(* For $b\ge 0$ let $a_b$ be the total number of cards for $b$ balls (so $a_0=1$, $a_1=2$, $a_2=7$). Then for all $b\ge 3$, \[ a_b=4a_{b-1}-2a_{b-2}. \]
   Context: For an integer $b\ge 0$, an ordered partition of $b$ is a finite sequence $(q_1,\ldots,q_k)$ of positive integers summing to $b$ (for $b=0$ the only one is the empty sequence). An ordered partition $(q_1,\ldots,q_k)$ with $k\ge1$ is nontrivially embedded into an ordered partition $(r_1,\ldots,r_\ell)$ by a choice of indices $1\le i_2<i_3<\cdots<i_k\le \ell$ with $q_j\le r_{i_j}$ for $2\le j\le k$; different index tuples count as different embeddings. A card for $b$ balls is either (i) a trivial card, given by an ordered partition $q$ of $b$, whose left and right partitions are both $q$; or (ii) a throw card, given by ordered partitions $q=(q_1,\ldots,q_k)$ ($k\ge1$) and $r=(r_1,\ldots,r_\ell)$ of $b$ together with a nontrivial embedding $(i_2,\ldots,i_k)$ of $q$ into $r$; its left partition is $q$ and its right partition is $r$. Different index tuples give different cards, and a throw card is distinct from the trivial card even when $q=r$. *)

From mathcomp Require Import all_boot.
Set Implicit Arguments. Unset Strict Implicit. Unset Printing Implicit Defensive.

Fixpoint seqs_upto (n m : nat) : seq (seq nat) :=
  match n with
  | 0 => [:: [::]]
  | n'.+1 => [::] :: [seq x :: s | x <- iota 0 m.+1, s <- seqs_upto n' m]
  end.

Definition is_ordpart (b : nat) (q : seq nat) : bool :=
  all (fun x => 0 < x) q && (sumn q == b).

(* The ordered partitions of b (every such q has length <= b and parts <= b). *)
Definition ordparts (b : nat) : seq (seq nat) :=
  [seq q <- seqs_upto b b | is_ordpart b q].

(* idx = [:: i_2; ...; i_k] (1-based indices) is a nontrivial embedding of
   q = (q_1,...,q_k), k >= 1, into r = (r_1,...,r_l):
   1 <= i_2 < ... < i_k <= l and q_j <= r_{i_j} for 2 <= j <= k. *)
Definition is_embedding (q r idx : seq nat) : bool :=
  [&& 0 < size q,
      size idx == (size q).-1,
      sorted ltn idx,
      all (fun i => (0 < i) && (i <= size r)) idx &
      all2 (fun qj i => qj <= nth 0 r i.-1) (behead q) idx].

Definition n_trivial (b : nat) : nat := size (ordparts b).

(* Number of throw cards for b balls: triples (q, r, embedding); the index
   tuples have length <= b and entries <= b, so they all occur in
   seqs_upto b b. *)
Definition n_throw (b : nat) : nat :=
  \sum_(q <- ordparts b) \sum_(r <- ordparts b)
     count (is_embedding q r) (seqs_upto b b).

Definition a (b : nat) : nat := n_trivial b + n_throw b.

From mathcomp Require Import all_boot zify.

(* Fix the right partition r = (r_1, ..., r_l) of b.  A throw card with right
   partition r is a sequence t = (q_2, ..., q_k) with an embedding into r, i.e.
   a choice, for every position i of r, of either nothing or a part in
   [1, r_i]; the remaining part q_1 = b - sumn t must be positive, which only
   rules out t = r.  Hence r is the right partition of prod_i (r_i + 1) - 1
   throw cards and of one trivial card, so a_b = sum over ordered partitions r
   of b of prod_i (r_i + 1).  Splitting off the first part gives
   a_(n+1) = sum_(k=1..n+1) (k + 1) a_(n+1-k), whose differences yield the
   recurrence. *)

Set Implicit Arguments.
Unset Strict Implicit.
Unset Printing Implicit Defensive.

Lemma seqs_uptoS n m :
  seqs_upto n.+1 m = [::] :: [seq x :: s | x <- iota 0 m.+1, s <- seqs_upto n m].
Proof. by []. Qed.

Lemma mem_seqs_upto n m s :
  (s \in seqs_upto n m) = (size s <= n) && all (leq^~ m) s.
Proof.
elim: n s => [|n IH] [|x s] //; rewrite seqs_uptoS in_cons orFb.
apply/allpairsP/idP => [[[y t] [+ + [-> ->]]] | ].
  by rewrite mem_iota IH /= ltnS => le_ym /andP[-> ->]; rewrite andbT; exact: le_ym.
move=> /andP[size_xs /andP[le_xm all_s]]; exists (x, s); split => //.
  by rewrite mem_iota.
by rewrite IH; apply/andP.
Qed.

Lemma uniq_seqs_upto n m : uniq (seqs_upto n m).
Proof.
elim: n => // n IH; rewrite seqs_uptoS cons_uniq; apply/andP; split.
  by apply/allpairsP => -[[y t] [_ _]].
by apply: allpairs_uniq => [||[x1 s1] [x2 s2] _ _ [-> ->]] //; exact: iota_uniq.
Qed.

Lemma pos_seq_bounded k s : all (fun x => 0 < x) s -> sumn s <= k ->
  (size s <= k) && all (leq^~ k) s.
Proof.
elim: s k => //= x s IH k /andP[x_gt0 s_pos] le_sum.
have /andP[size_s all_s] := IH (k - x) s_pos ltac:(lia).
apply/and3P; split; [lia | lia | by apply: sub_all all_s => y; lia].
Qed.

Lemma is_ordpart_cons b y t :
  is_ordpart b (y :: t) = (0 < y <= b) && is_ordpart (b - y) t.
Proof.
rewrite /is_ordpart /=; case: (all _ t); rewrite ?andbF //=.
apply/idP/idP; lia.
Qed.

Lemma is_ordpart_cons_head b y t :
  is_ordpart b (y :: t) = (y == b - sumn t) && (all (fun x => 0 < x) t && (sumn t < b)).
Proof.
rewrite /is_ordpart /=; case: (all _ t); rewrite ?andbF //=.
apply/idP/idP; lia.
Qed.

Lemma ordpart_bounded b q : is_ordpart b q -> (size q <= b) && all (leq^~ b) q.
Proof. by case/andP=> q_pos /eqP q_sum; rewrite pos_seq_bounded ?q_sum. Qed.

Section BigEnumerations.
Variables (R : Type) (idx : R) (op : Monoid.com_law idx).

Lemma big_seqs_uptoS n m (F : seq nat -> R) :
  \big[op/idx]_(s <- seqs_upto n.+1 m) F s =
  op (F [::])
     (\big[op/idx]_(0 <= x < m.+1) \big[op/idx]_(s <- seqs_upto n m) F (x :: s)).
Proof. by rewrite seqs_uptoS big_cons big_allpairs_dep /index_iota subn0. Qed.

Lemma big_seqs_upto_widen n m n' m' (P : pred (seq nat)) (F : seq nat -> R) :
  n <= n' -> m <= m' -> (forall s, P s -> (size s <= n) && all (leq^~ m) s) ->
  \big[op/idx]_(s <- seqs_upto n' m' | P s) F s =
  \big[op/idx]_(s <- seqs_upto n m | P s) F s.
Proof.
move=> le_n le_m bounded; rewrite -big_filter -[RHS]big_filter.
apply/perm_big/uniq_perm; rewrite ?filter_uniq ?uniq_seqs_upto // => s.
rewrite !mem_filter !mem_seqs_upto; case Ps: (P s) => //=.
have /andP[size_s all_s] := bounded s Ps.
by rewrite size_s all_s (leq_trans size_s le_n) (sub_all _ all_s) // => x /leq_trans->.
Qed.

Lemma big_ordparts_seqs n (F : seq nat -> R) :
  \big[op/idx]_(q <- ordparts n.+1) F q =
  \big[op/idx]_(0 <= y < n.+2)
     \big[op/idx]_(t <- seqs_upto n n.+1 | is_ordpart n.+1 (y :: t)) F (y :: t).
Proof.
rewrite big_filter big_mkcond big_seqs_uptoS /= Monoid.mul1m.
by apply: eq_bigr => y _; rewrite [RHS]big_mkcond.
Qed.

Lemma big_ordpartsS n (F : seq nat -> R) :
  \big[op/idx]_(q <- ordparts n.+1) F q =
  \big[op/idx]_(x < n.+1) \big[op/idx]_(t <- ordparts (n - x)) F (x.+1 :: t).
Proof.
rewrite big_ordparts_seqs big_nat_recl // big_pred0 ?Monoid.mul1m; last first.
  by move=> t; rewrite is_ordpart_cons.
rewrite big_mkord; apply: eq_bigr => x _; rewrite big_filter.
under eq_bigl do rewrite is_ordpart_cons ltn_ord subSS.
by apply: big_seqs_upto_widen => [|//|s /ordpart_bounded]; lia.
Qed.

(* The head of q is recovered from its tail as n.+1 - sumn (behead q). *)
Lemma big_ordparts_behead n (F : seq nat -> R) :
  \big[op/idx]_(q <- ordparts n.+1) F (behead q) =
  \big[op/idx]_(t <- seqs_upto n.+1 n.+1 | all (fun x => 0 < x) t && (sumn t < n.+1))
     F t.
Proof.
have bounded t : all (fun x => 0 < x) t && (sumn t < n.+1) ->
    (size t <= n) && all (leq^~ n) t.
  by case/andP; exact: pos_seq_bounded.
rewrite [RHS](@big_seqs_upto_widen n n) //.
rewrite -[RHS](@big_seqs_upto_widen n n n n.+1) // [RHS]big_mkcond.
rewrite big_ordparts_seqs; under eq_bigr do rewrite big_mkcond.
rewrite exchange_big; apply: eq_bigr => t _; rewrite -big_mkcond.
under eq_bigl do rewrite is_ordpart_cons_head andbC.
by rewrite big_nat1_cond_eq ltnS leq_subr.
Qed.
End BigEnumerations.

Definition wsum_ordparts (w : nat -> nat) b := \sum_(q <- ordparts b) \prod_(x <- q) w x.

Lemma wsum_ordpartsS w n :
  wsum_ordparts w n.+1 = \sum_(x < n.+1) w x.+1 * wsum_ordparts w (n - x).
Proof.
rewrite /wsum_ordparts big_ordpartsS; apply: eq_bigr => x _.
by rewrite big_distrr; apply: eq_bigr => t _; rewrite big_cons.
Qed.

Lemma wsum_ordparts_succ_rec n :
  wsum_ordparts succn n.+3 + 2 * wsum_ordparts succn n.+1 =
  4 * wsum_ordparts succn n.+2.
Proof.
pose W := wsum_ordparts succn; pose S m := \sum_(x < m.+1) W (m - x).
have W_SS m : W m.+2 = 3 * W m.+1 + S m.
  rewrite /W wsum_ordpartsS big_ord_recl subn0.
  under eq_bigr do rewrite lift0 subSS mulSn addnC.
  by rewrite big_split /= -wsum_ordpartsS addnA -mulSnr.
have S_S m : S m.+1 = W m.+1 + S m by rewrite /S big_ord_recl.
rewrite -/W W_SS S_S (W_SS n); lia.
Qed.

Section Embeddings.
Variable r : seq nat.

Definition embedding_after o t idx :=
  [&& size idx == size t, path ltn o idx, all (leq^~ (size r)) idx &
      all2 (fun y i => y <= nth 0 r i.-1) t idx].

Lemma is_embedding_behead q idx : 0 < size q ->
  is_embedding q r idx = embedding_after 0 (behead q) idx.
Proof.
case: q => // q1 t _; rewrite /is_embedding /embedding_after (path_sortedE ltn_trans) /=.
rewrite (eq_all (a2 := predI (ltn 0) (leq^~ (size r)))) // all_predI.
by case: (all (ltn 0) idx); rewrite /= ?andbF.
Qed.

Lemma embedding_after_cons o y t i idx :
  embedding_after o (y :: t) (i :: idx) =
  [&& o < i, i <= size r, y <= nth 0 r i.-1 & embedding_after i t idx].
Proof.
rewrite /embedding_after /= eqSS.
by case: (o < i); case: (i <= size r); case: (y <= _); rewrite /= ?andbF.
Qed.

Definition n_embeddings_after o t :=
  count (embedding_after o t) (seqs_upto (size t) (size r)).

Lemma n_embeddings_after_nil o : n_embeddings_after o [::] = 1.
Proof. by []. Qed.

Lemma n_embeddings_after_cons o y t :
  n_embeddings_after o (y :: t) =
  \sum_(o.+1 <= i < (size r).+1) (y <= nth 0 r i.-1) * n_embeddings_after i t.
Proof.
rewrite /n_embeddings_after -sum1_count big_mkcond big_seqs_uptoS /= add0n.
rewrite [RHS](@big_nat_widenl _ _ _ _ 0) // [RHS]big_mkcond.
apply: eq_big_nat => i /andP[_]; rewrite ltnS => le_iL /=.
under eq_bigr do rewrite embedding_after_cons le_iL.
case: (o < i); last by rewrite big1.
case: (y <= _); last by rewrite big1.
by rewrite /= mul1n -sum1_count [RHS]big_mkcond.
Qed.

(* Position o.+1 of r is either skipped or receives the first part of t. *)
Lemma n_embeddings_afterS o t : o < size r ->
  n_embeddings_after o t = n_embeddings_after o.+1 t +
    (if t is y :: t' then (y <= nth 0 r o) * n_embeddings_after o.+1 t' else 0).
Proof.
case: t => [|y t] lt_or; first by rewrite !n_embeddings_after_nil.
by rewrite !n_embeddings_after_cons big_ltn ?ltnS // addnC.
Qed.

Lemma n_embeddings_after_oversize o t :
  size r <= o -> n_embeddings_after o t = (t == [::]).
Proof.
case: t => [|y t] le_ro; first by rewrite n_embeddings_after_nil.
by rewrite n_embeddings_after_cons big_geq.
Qed.

(* For o = 0 and B = sumn r, the pairs (t, idx) counted here are exactly the
   throw cards with right partition r, their first part being B - sumn t. *)
Definition n_embeddings_below o B :=
  \sum_(t <- seqs_upto B B | all (fun x => 0 < x) t && (sumn t < B))
    n_embeddings_after o t.

Lemma n_embeddings_below_oversize o B :
  size r <= o -> n_embeddings_below o B = (0 < B).
Proof.
move=> le_ro; rewrite /n_embeddings_below.
under eq_bigr do rewrite n_embeddings_after_oversize //.
case: B => [|n]; first by rewrite big_cons big_nil.
rewrite big_mkcond big_seqs_uptoS /= big1 // => y _.
by rewrite big1 // => t _; rewrite if_same.
Qed.

Lemma n_embeddings_belowS o B : o < size r -> nth 0 r o <= B ->
  n_embeddings_below o B = n_embeddings_below o.+1 B +
    \sum_(1 <= y < (nth 0 r o).+1) n_embeddings_below o.+1 (B - y).
Proof.
move=> lt_or le_xB; rewrite /n_embeddings_below.
under eq_bigr do rewrite n_embeddings_afterS //.
rewrite big_split /=; congr (_ + _).
case: B le_xB => [|n] le_xB.
  by rewrite big_geq // big_cons big_nil.
rewrite big_mkcond big_seqs_uptoS /= add0n big_ltn // big1 ?add0n; last by move=> t _.
rewrite [RHS](@big_nat_widen _ _ _ 1 _ n.+2) // [RHS]big_mkcond.
apply: eq_big_nat => y /andP[y_gt0 _]; rewrite ltnS.
case: (leqP y (nth 0 r o)) => [le_yx|_]; last by rewrite big1 // => t _; rewrite if_same.
rewrite y_gt0 /=; under eq_bigr do rewrite mul1n.
rewrite -big_mkcond; under eq_bigl do rewrite -ltn_subRL.
apply: big_seqs_upto_widen => [||t /andP[t_pos /ltnW]]; [lia | exact: leq_subr |].
exact: pos_seq_bounded.
Qed.

Lemma n_embeddings_below_large o B : sumn (drop o r) < B ->
  n_embeddings_below o B = \prod_(x <- drop o r) x.+1.
Proof.
move Ek: (size r - o) => k; elim: k o B Ek => [|k IH] o B Ek lt_sum.
  have le_ro : size r <= o by lia.
  by move: lt_sum; rewrite drop_oversize // big_nil n_embeddings_below_oversize // => ->.
have lt_or : o < size r by lia.
move: lt_sum; rewrite (drop_nth 0 lt_or) big_cons /= => lt_sum.
rewrite n_embeddings_belowS //; last by lia.
rewrite IH; [|lia|lia].
rewrite (eq_big_nat _ _ (F2 := fun=> \prod_(x <- drop o.+1 r) x.+1)); last first.
  by move=> y /andP[y_gt0 le_yx]; rewrite IH //; lia.
by rewrite sum_nat_const_nat subn1 mulSn.
Qed.

Lemma n_embeddings_below_sumn o : all (fun x => 0 < x) (drop o r) ->
  n_embeddings_below o (sumn (drop o r)) = (\prod_(x <- drop o r) x.+1).-1.
Proof.
move Ek: (size r - o) => k; elim: k o Ek => [|k IH] o Ek.
  have le_ro : size r <= o by lia.
  by rewrite drop_oversize // n_embeddings_below_oversize // big_nil.
have lt_or : o < size r by lia.
rewrite (drop_nth 0 lt_or) /= big_cons => /andP[x_gt0 rest_pos].
rewrite n_embeddings_belowS // ?leq_addr // n_embeddings_below_large; last by lia.
have P_gt0 : 0 < \prod_(y <- drop o.+1 r) y.+1 by apply: prodn_gt0.
case: (nth 0 r o) x_gt0 => // x _.
rewrite big_nat_recr //= addKn IH //; last by lia.
rewrite (eq_big_nat _ _ (F2 := fun=> \prod_(y <- drop o.+1 r) y.+1)); last first.
  by move=> y /andP[y_gt0 lt_yx]; rewrite n_embeddings_below_large //; lia.
by rewrite sum_nat_const_nat subn1 !mulSn /=; lia.
Qed.

Lemma sum_count_is_embedding b : is_ordpart b r ->
  \sum_(q <- ordparts b) count (is_embedding q r) (seqs_upto b b) =
  (\prod_(x <- r) x.+1).-1.
Proof.
case: b => [|n] r_part.
  have -> : r = [::] by case: r r_part => // x s /andP[/= /andP[x_gt0 _] /eqP]; lia.
  by rewrite big_cons !big_nil.
have count_q q : q \in ordparts n.+1 ->
    count (is_embedding q r) (seqs_upto n.+1 n.+1) = n_embeddings_after 0 (behead q).
  rewrite mem_filter => /andP[q_part _].
  have /andP[size_q _] := ordpart_bounded q_part.
  have q_ne : 0 < size q by case: q q_part {size_q}.
  rewrite (eq_count (fun idx => is_embedding_behead idx q_ne)) /n_embeddings_after.
  rewrite -!sum1_count.
  apply: big_seqs_upto_widen => [||idx /and4P[/eqP-> _ all_idx _]].
  - by rewrite size_behead; lia.
  - by have /andP[] := ordpart_bounded r_part.
  - by rewrite leqnn.
rewrite (eq_big_seq _ count_q) big_ordparts_behead.
case/andP: r_part => r_pos /eqP r_sum.
by have := @n_embeddings_below_sumn 0; rewrite drop0 r_sum /n_embeddings_below => ->.
Qed.
End Embeddings.

Lemma a_wsum_ordparts b : a b = wsum_ordparts succn b.
Proof.
rewrite /a /n_trivial /n_throw /wsum_ordparts -sum1_size exchange_big -big_split /=.
apply: eq_big_seq => r; rewrite mem_filter => /andP[r_part _].
by rewrite sum_count_is_embedding // add1n prednK // prodn_gt0.
Qed.

Theorem theorem4 (b : nat) : 3 <= b -> a b + 2 * a (b - 2) = 4 * a (b - 1).
Proof.
case: b => [|[|[|n]]] // _.
by rewrite !subSS !subn0 !a_wsum_ordparts wsum_ordparts_succ_rec.
Qed.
_ _ _ _ _ _ _
### What you have to do
Take exactly the lines from the one containing "Lemma sum_count_is_embedding b" through the one containing "have /andP[size_q _]" in the data above, and output them with nothing added.

### Response to this task
Lemma sum_count_is_embedding b : is_ordpart b r ->
  \sum_(q <- ordparts b) count (is_embedding q r) (seqs_upto b b) =
  (\prod_(x <- r) x.+1).-1.
Proof.
case: b => [|n] r_part.
  have -> : r = [::] by case: r r_part => // x s /andP[/= /andP[x_gt0 _] /eqP]; lia.
  by rewrite big_cons !big_nil.
have count_q q : q \in ordparts n.+1 ->
    count (is_embedding q r) (seqs_upto n.+1 n.+1) = n_embeddings_after 0 (behead q).
  rewrite mem_filter => /andP[q_part _].
  have /andP[size_q _] := ordpart_bounded q_part.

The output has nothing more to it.